Non, ça n’est pas l’idée. Au départ, j’ai développé la marque sur internet car je n’avais pas les moyens de faire autrement. Mais finalement, j’ai vite eu la conviction qu’il fallait garder cette façon de faire car c’est la seule manière de proposer de beaux vêtements à des prix abordables. Une fois que tu as des intermédiaires ou une boutique qui te coûte des millions rue des Francs- Bourgeois, c’est plus pareil !

Par contre, on va bientôt ouvrir un appartement Sézane où les clientes pourront venir essayer les vêtements, où on proposera des expériences un peu uniques… Je veux un lieu où l’accueil soit magique, où les gens se sentent bien, où l’on puisse transmettre un vrai état d’esprit.

C’est important de choisir quand on a la chance de pouvoir le faire.

Comment te sens-tu aujourd’hui ?

Super bien ! Je pense que je ne réalise pas vraiment qu’aujourd’hui des gens travaillent pour Sézane alors que c’est parti d’une épreuve du bac, de 2/3 sacs de vêtements… Parfois, il faut y croire et garder un côté un peu insouciant…
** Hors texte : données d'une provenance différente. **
Inductive kind := KConst | KLine of F | KFull.

Definition obs (k : kind) (z : F * F) : nat :=
  match k with KConst => 0 | KLine a => val (z.1 + a * z.2) | KFull => pickle z end.

Definition level (k : kind) : nat :=
  match k with KConst => 0 | KLine _ => 1 | KFull => 2 end.

Definition refines (k k' : kind) : Prop :=
  forall z z', obs k z = obs k z' -> obs k' z = obs k' z'.

Lemma refines_full k : refines KFull k.
Proof. by move=> z z' /(pcan_inj pickleK) ->. Qed.

Lemma card_obs_fiber k z :
  #|[pred z' : F * F | obs k z' == obs k z]| = (p ^ (2 - level k))%N.
Proof.
case: k => [|a|] /=.
- by rewrite (@eq_card _ _ predT) // card_prod card_Fp.
- set c := z.1 + a * z.2.
  have -> : #|[pred z' : F * F | val (z'.1 + a * z'.2) == val c]| =
            #|[set (c - a * v, v) | v : F]|.
    apply: eq_card => -[u v]; rewrite inE; apply/eqP/imsetP => [/val_inj e|[v' _ [-> ->]]].
      by exists v => //; rewrite -e addrK.
    by rewrite subrK.
  by rewrite card_imset ?card_Fp // => v v' [_ ->].
- by rewrite (@eq_card _ _ (pred1 z)) ?card1 // => z'; rewrite !inE (inj_eq (pcan_inj pickleK)).
Qed.

Lemma lines_meet (a b : F) z z' : a != b ->
  obs (KLine a) z = obs (KLine a) z' -> obs (KLine b) z = obs (KLine b) z' -> z = z'.
Proof.
move=> ab /val_inj ea /val_inj eb.
have e2 : z.2 = z'.2.
  apply: (mulfI (x := a - b)); first by rewrite subr_eq0.
  transitivity (z.1 + a * z.2 - (z.1 + b * z.2)); first by ring.
  by rewrite ea eb; ring.
by move: z z' ea e2 {eb} => [u v] [u' v'] /= + e2; rewrite e2 => /addIr ->.
Qed.
End Kinds.

Section Mixture.
Variables (R : realType) (p : nat) (S T : finType).
Hypothesis p_prime : prime p.
Variables (sch : S -> T -> kind p) (pi : S -> R).
Hypothesis pi_distr : is_distr pi.
Local Notation F := 'F_p.

Definition mix_prob (w : S * (F * F)) : R := pi w.1 / (p ^ 2)%:R.

(* X_x = (s, obs_s(z)) for s drawn from [pi] and z uniform, encoded in [nat]. *)
Definition mix_var (x : T) (w : S * (F * F)) : nat := pickle (w.1, obs (sch w.1 x) w.2).

Lemma sum_mix (G : S * (F * F) -> R) : \sum_w G w = \sum_s \sum_z G (s, z).
Proof. by rewrite pair_bigA; apply: eq_bigr => -[]. Qed.

Lemma natr_expp_neq0 k : (p ^ k)%:R != 0 :> R.
Proof. by rewrite pnatr_eq0 -lt0n expn_gt0 prime_gt0. Qed.

Lemma sum_uniform_FF (c : R) : \sum_(z : F * F) c / (p ^ 2)%:R = c.
Proof.
by rewrite sumr_const card_prod card_Fp // mulnn -[_ *+ _]mulr_natr divfK ?natr_expp_neq0.
Qed.

Lemma mix_prob_distr : is_distr mix_prob.
Proof.
case: pi_distr => pi_ge0 pi_sum; split=> [w|]; first by rewrite divr_ge0 ?ler0n.
by rewrite sum_mix -pi_sum; apply: eq_bigr => s _; rewrite /mix_prob /= sum_uniform_FF.
Qed.

Lemma mix_var_eq x w w' :
  (mix_var x w == mix_var x w') =
  (w.1 == w'.1) && (obs (sch w.1 x) w.2 == obs (sch w.1 x) w'.2).
Proof. by rewrite /mix_var (inj_eq (pcan_inj pickleK)) xpair_eqE; case: eqP => //= ->. Qed.

Lemma fiber_prob_mix_var x w :
  fiber_prob mix_prob (mix_var x) w = pi w.1 / (p ^ level (sch w.1 x))%:R.
Proof.
case: w => s z; rewrite fiber_probE sum_mix (bigD1 s) //= [X in _ + X]big1 => [|s' s's].
  rewrite addr0; under eq_bigr do rewrite mix_var_eq eqxx /=.
  rewrite -big_mkcond /mix_prob /= sumr_const (card_obs_fiber p_prime) -[_ *+ _]mulr_natr.
  have l2 : (level (sch s x) <= 2)%N by case: (sch s x).
  rewrite -[in (p ^ 2)%N](subnK l2) expnD natrM.
  by field; rewrite !natr_expp_neq0.
by apply: big1 => z' _; rewrite mix_var_eq /= (negbTE s's).
Qed.

Lemma entropy_mix_var x : entropy mix_prob (mix_var x) =
  \sum_s - (pi s * ln (pi s)) + \sum_s pi s * (level (sch s x))%:R * ln p%:R.
Proof.
rewrite entropyE sum_mix -sumrN -big_split /=; apply: eq_bigr => s _.
under eq_bigr do rewrite fiber_prob_mix_var /mix_prob /= mulrAC.
rewrite sum_uniform_FF.
have [ps|ps] := boolP (0 < pi s); last first.
  by rewrite (p_eq0 pi_distr ps) !mul0r oppr0 add0r.
rewrite ln_div ?posrE ?ltr0n ?expn_gt0 ?prime_gt0 // natrX lnXn ?ltr0n ?prime_gt0 //.
by rewrite -mulr_natr; ring.
Qed.

Variable join : T -> T -> T.
Hypotheses (sch_join_l : forall s x y, refines (sch s (join x y)) (sch s x))
           (sch_join_r : forall s x y, refines (sch s (join x y)) (sch s y)).
Hypothesis sch_join : forall s x y z z',
  obs (sch s x) z = obs (sch s x) z' -> obs (sch s y) z = obs (sch s y) z' ->
  obs (sch s (join x y)) z = obs (sch s (join x y)) z'.

Lemma mix_var_eqP x w w' :
  mix_var x w = mix_var x w' <-> w.1 = w'.1 /\ obs (sch w.1 x) w.2 = obs (sch w.1 x) w'.2.
Proof.
by split=> [/eqP|[e1 e2]]; [rewrite mix_var_eq => /andP[/eqP -> /eqP] | apply/eqP;
  rewrite mix_var_eq e1 eqxx -e1 e2 eqxx].
Qed.

Lemma mix_entropic : entropic join (fun x => entropy mix_prob (mix_var x)).
Proof.
exists _, mix_prob, mix_var; split=> // [|x y].
  exact: mix_prob_distr.
split.
- have [f hf] : exists f : nat * nat -> nat, forall w,
      mix_var (join x y) w = f (mix_var x w, mix_var y w).
    apply: (@determined_fun _ _ _ 0%N (fun w => (mix_var x w, mix_var y w))).
    move=> w w' [/mix_var_eqP[e1 ex] /mix_var_eqP[_ ey]].
    by apply/mix_var_eqP; split=> //; apply: sch_join.
  by exists (fun a b => f (a, b)) => w _.
- have [g hg] : exists g : nat -> nat * nat, forall w,
      (mix_var x w, mix_var y w) = g (mix_var (join x y) w).
    apply: (@determined_fun _ _ _ (0, 0)%N (mix_var (join x y))) => w w' /mix_var_eqP[e1 ej].
    have ex := sch_join_l ej; have ey := sch_join_r ej.
    by congr pair; apply/mix_var_eqP.
  by exists g => w _.
Qed.
End Mixture.

Section Mn_lattice.
Variable n : nat.
Implicit Types x y : 'I_n.

Definition Mn_atom x := (2 <= val x)%N.

Lemma Mn_join_l x y : Mn_le y x -> Mn_join y x = x.
Proof. by rewrite /Mn_join => ->. Qed.

Lemma val_insubd0 x : val (insubd x 0) = 0%N.
Proof. by rewrite val_insubd (leq_ltn_trans (leq0n x) (ltn_ord x)). Qed.

Lemma Mn_meet_le_l x y : Mn_le (Mn_meet x y) x.
Proof.
rewrite /Mn_meet /Mn_le; case: ifP => [|_]; first by rewrite eqxx.
by case: ifP => [//|_]; rewrite val_insubd0 eqxx orbT.
Qed.

Lemma Mn_meet_le_r x y : Mn_le (Mn_meet x y) y.
Proof.
rewrite /Mn_meet /Mn_le; case: ifP => //= _.
by case: ifP => [|_]; [rewrite eqxx | rewrite val_insubd0 eqxx orbT].
Qed.

Lemma Mn_atoms_le x y : Mn_atom x -> Mn_atom y -> Mn_le x y = (x == y).
Proof. by move=> ax ay; rewrite /Mn_le (gtn_eqF (ltnW ax)) (gtn_eqF ay) !orbF. Qed.

Hypothesis n2 : (2 <= n)%N.

Definition Mn_bot : 'I_n := Ordinal (ltnW n2).
Definition Mn_top : 'I_n := Ordinal n2.

Lemma Mn_incomparable x y : ~~ Mn_le x y -> ~~ Mn_le y x ->
  [/\ Mn_atom x, Mn_atom y, x != y, Mn_join x y = Mn_top & Mn_meet x y = Mn_bot].
Proof.
rewrite /Mn_join /Mn_meet => /negbTE lxy /negbTE lyx; rewrite lxy lyx.
move: lxy lyx; rewrite /Mn_le /Mn_atom => /norP[xy /norP[x0 y1]] /norP[_ /norP[y0 x1]].
split=> //.
- by move: x0 x1; case: (val x) => [|[]].
- by move: y0 y1; case: (val y) => [|[]].
- by apply: val_inj; rewrite val_insubd n2.
- by apply: val_inj; rewrite val_insubd0.
Qed.

Lemma Mn_le_join x y : Mn_le x (Mn_join x y) /\ Mn_le y (Mn_join x y).
Proof.
rewrite /Mn_join; case: ifP => lxy; first by rewrite /Mn_le eqxx.
case: ifP => lyx; first by rewrite /Mn_le eqxx.
by rewrite /Mn_le val_insubd n2 eqxx !orbT.
Qed.
End Mn_lattice.

Section Mn_schemes.
Variables (p n : nat) (i0 : 'I_n).
Hypotheses (p_prime : prime p) (n_le_p : (n <= p)%N).
Local Notation F := 'F_p.

(* Levels (bottom, atom x, top) of the schemes: [Some None]: (1, 1, 1);
   [Some (Some None)]: (0, 1 except 0 at i0, 1); [Some (Some (Some f))]:
   (0, 1 + f x, 2); [None] is the constant scheme used to fill up the mass. *)
Definition Mn_scheme (s : option (option (option {ffun 'I_n -> bool}))) (x : 'I_n) : kind p :=
  match s with
  | None => KConst p
  | Some None => KLine 0
  | Some (Some None) =>
      if (val x == 0%N) || Mn_atom x && (x == i0) then KConst p else KLine 0
  | Some (Some (Some f)) =>
      if val x == 0%N then KConst p else if val x == 1%N then KFull p
      else if f x then KFull p else KLine (val x)%:R
  end.

Lemma Mn_scheme_mono s x y : Mn_le x y -> refines (Mn_scheme s y) (Mn_scheme s x).
Proof.
case/or3P=> [/eqP -> //|/eqP x0|/eqP y1].
  by case: s => [[[f|]|]|] //= z z'; rewrite x0.
case: s => [[[f|]|]|] //=; rewrite y1 /=; first exact: refines_full.
by rewrite /Mn_atom y1 /=; case: ifP => // _ z z'.
Qed.

Lemma natr_Fp_inj (a b : nat) : (a < p)%N -> (b < p)%N -> (a%:R : F) = b%:R -> a = b.
Proof.
by move=> ap bp e; have := val_Fp_nat p_prime a; rewrite e val_Fp_nat // !modn_small.
Qed.

Lemma Mn_scheme_atoms s x y t z z' :
  Mn_atom x -> Mn_atom y -> x != y -> val t = 1%N ->
  obs (Mn_scheme s x) z = obs (Mn_scheme s x) z' ->
  obs (Mn_scheme s y) z = obs (Mn_scheme s y) z' ->
  obs (Mn_scheme s t) z = obs (Mn_scheme s t) z'.
Proof.
rewrite /Mn_atom => ax ay xy t1.
have [x0 y0] : val x != 0%N /\ val y != 0%N by rewrite -!lt0n !(ltn_trans _ ax, ltn_trans _ ay).
have [x1 y1] : val x != 1%N /\ val y != 1%N by rewrite !neq_ltn ax ay !orbT.
case: s => [[[f|]|]|] //=; rewrite ?t1 ?(negbTE x0) ?(negbTE y0) ?(negbTE x1) ?(negbTE y1) /=.
  case: (f x) => [e _ //|]; case: (f y) => [_ e //|ex ey].
  suff -> : z = z' by [].
  apply: lines_meet ex ey; apply: contra xy => /eqP /natr_Fp_inj e.
  by apply/eqP/val_inj/e; apply: leq_trans n_le_p.
rewrite /Mn_atom ax ay t1 /=.
case: eqP => [xi|_ e _ //]; case: eqP => [yi|_ _ e //].
by rewrite xi yi eqxx in xy.
Qed.

Lemma Mn_scheme_join (n2 : (2 <= n)%N) s x y z z' :
  obs (Mn_scheme s x) z = obs (Mn_scheme s x) z' ->
  obs (Mn_scheme s y) z = obs (Mn_scheme s y) z' ->
  obs (Mn_scheme s (Mn_join x y)) z = obs (Mn_scheme s (Mn_join x y)) z'.
Proof.
have [lxy|nxy] := boolP (Mn_le x y); first by rewrite Mn_join_l.
have [lyx|nyx] := boolP (Mn_le y x); first by rewrite /Mn_join (negbTE nxy) lyx.
have [ax ay xy -> _] := Mn_incomparable n2 nxy nyx.
exact: Mn_scheme_atoms.
Qed.

Lemma Mn_mix_entropic (R : realType) (n2 : (2 <= n)%N)
    (pi : option (option (option {ffun 'I_n -> bool})) -> R) :
  is_distr pi -> entropic (@Mn_join n) (fun x => entropy (mix_prob pi) (mix_var Mn_scheme x)).
Proof.
move=> pi_distr; apply: mix_entropic => // [s x y|s x y|]; last exact: Mn_scheme_join.
  by apply: Mn_scheme_mono; case: (Mn_le_join n2 x y).
by apply: Mn_scheme_mono; case: (Mn_le_join n2 x y).
Qed.
End Mn_schemes.

Section Real_bounds.
Variable R : realType.

Lemma xlnx_ge_subr1 (y : R) : 0 <= y -> y - 1 <= y * ln y.
Proof.
rewrite le_eqVlt => /predU1P[<-|y0]; first by rewrite mul0r; lra.
have yV : 0 < y^-1 by rewrite invr_gt0.
have := ler_wpM2l (ltW y0) (ln_le_subr1 yV).
by rewrite lnV ?posrE // mulrBr mulfV ?gt_eqF //; lra.
Qed.

Lemma xlnx_ge_sqrt (x : R) : 0 <= x -> - (2 * Num.sqrt x) <= x * ln x.
Proof.
move=> x0; have r0 := sqrtr_ge0 x; rewrite -[in x * _](sqr_sqrtr x0).
have [->|xn0] := eqVneq x 0; first by rewrite sqrtr0 expr0n /= mul0r mulr0 oppr0.
have rp : 0 < Num.sqrt x by rewrite sqrtr_gt0 lt_def xn0.
rewrite lnXn // expr2 -mulr_natr.
by have := ler_wpM2l r0 (xlnx_ge_subr1 r0); nra.
Qed.

Lemma sum_option (S : finType) (G : option S -> R) :
  \sum_(s : option S) G s = G None + \sum_(t : S) G (Some t).
Proof.
rewrite (bigD1 None) //=; congr (_ + _).
rewrite (reindex_omap Some id) /=; last by case.
by apply: eq_bigl => t; rewrite eqxx.
Qed.

Lemma sum_xlnx_le0 (S : finType) (pi : S -> R) :
  is_distr pi -> 0 <= \sum_s - (pi s * ln (pi s)).
Proof.
case=> pi_ge0 pi_sum; apply: sumr_ge0 => s _.
rewrite oppr_ge0 mulr_ge0_le0 ?ln_le0 // -pi_sum (bigD1 s) //= lerDl.
by apply: sumr_ge0 => ? _.
Qed.

Lemma entropy_option_le (S : finType) (pi : option S -> R) (d : R) :
  0 <= d <= 1 -> pi None = 1 - d -> (forall t, 0 <= pi (Some t) <= d) ->
  \sum_s - (pi s * ln (pi s)) <= (1 + 2 * #|S|%:R) * Num.sqrt d.
Proof.
move=> /andP[d0 d1] piN piS; have s0 := sqrtr_ge0 d.
have s1 : Num.sqrt d <= 1 by rewrite -sqrtr1 ler_sqrt.
have dsd : d <= Num.sqrt d by rewrite -{1}(sqr_sqrtr d0) expr2; nra.
rewrite sum_option mulrDl mul1r lerD //.
  by rewrite piN; have := xlnx_ge_subr1 (_ : 0 <= 1 - d); lra.
have -> : 2 * #|S|%:R * Num.sqrt d = \sum_(t : S) 2 * Num.sqrt d.
  by rewrite sumr_const -mulr_natl; ring.
apply: ler_sum => t _.
have /andP[t0 td] := piS t; have := xlnx_ge_sqrt t0.
have : Num.sqrt (pi (Some t)) <= Num.sqrt d by rewrite ler_sqrt.
lra.
Qed.
End Real_bounds.

Section Product_distribution.
Variables (R : realType) (I : finType) (q : I -> R).

Definition prod_bernoulli (f : {ffun I -> bool}) : R :=
  \prod_j (if f j then q j else 1 - q j).

Lemma prod_bernoulli_ge0 f : (forall j, 0 <= q j <= 1) -> 0 <= prod_bernoulli f.
Proof.
move=> q01; apply: prodr_ge0 => j _; have /andP[? ?] := q01 j.
by case: (f j); rewrite ?subr_ge0.
Qed.

Lemma sum_prod_bernoulli : \sum_f prod_bernoulli f = 1.
Proof.
rewrite /prod_bernoulli -(bigA_distr_bigA (fun j b => if b then q j else 1 - q j)) /=.
by apply: big1 => j _; rewrite big_bool /= addrC subrK.
Qed.

Lemma sum_prod_bernoulli_true x :
  \sum_(f : {ffun I -> bool}) (if f x then prod_bernoulli f else 0) = q x.
Proof.
pose G j (b : bool) := if b then q j else if j == x then 0 else 1 - q j.
have GE (f : {ffun I -> bool}) : (if f x then prod_bernoulli f else 0) = \prod_j G j (f j).
  rewrite /prod_bernoulli (bigD1 x) //= [RHS](bigD1 x) //= /G eqxx.
  case: (f x); last by rewrite !mul0r.
  by congr (_ * _); apply: eq_bigr => j /negbTE ->.
rewrite (eq_bigr _ (fun f _ => GE f)) -(bigA_distr_bigA G) /= (bigD1 x) //= [X in _ * X]big1.
  by rewrite big_bool /G eqxx /= addr0 mulr1.
by move=> j /negbTE jx; rewrite big_bool /G jx /= addrC subrK.
Qed.
End Product_distribution.

Section Decomposition.
Variables (R : realType) (n : nat) (h : 'I_n -> R).
Hypotheses (n2 : (2 <= n)%N) (h_poly : polymatroid (@Mn_le n) (@Mn_join n) (@Mn_meet n) h).
Local Notation bot := (Mn_bot n2).
Local Notation top := (Mn_top n2).

Lemma h_ge0 x : 0 <= h x. Proof. by case: h_poly. Qed.

Lemma h_bot_le x : h bot <= h x.
Proof. by case: h_poly => _ h_mono _; apply: h_mono; rewrite /Mn_le eqxx orbT. Qed.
On a qu’une vie et elle s’arrête vraiment sans prévenir, il faut bien garder ça dans un petit coin de sa tête. C’est important de choisir quand on a la chance de pouvoir le faire.

 

www.sezane.com

Une devise : On n’a rien à perdre, il faut tenter.

Un coup de chance : Ma rencontre avec Thibault, mon mari, et celle avec Corentin.

Un allié : Mes amis, mon mari, Corentin, mon frère…

Un coup dur : La mort de mon frère.

Un conseil : S’écouter et aller au bout de ses envies.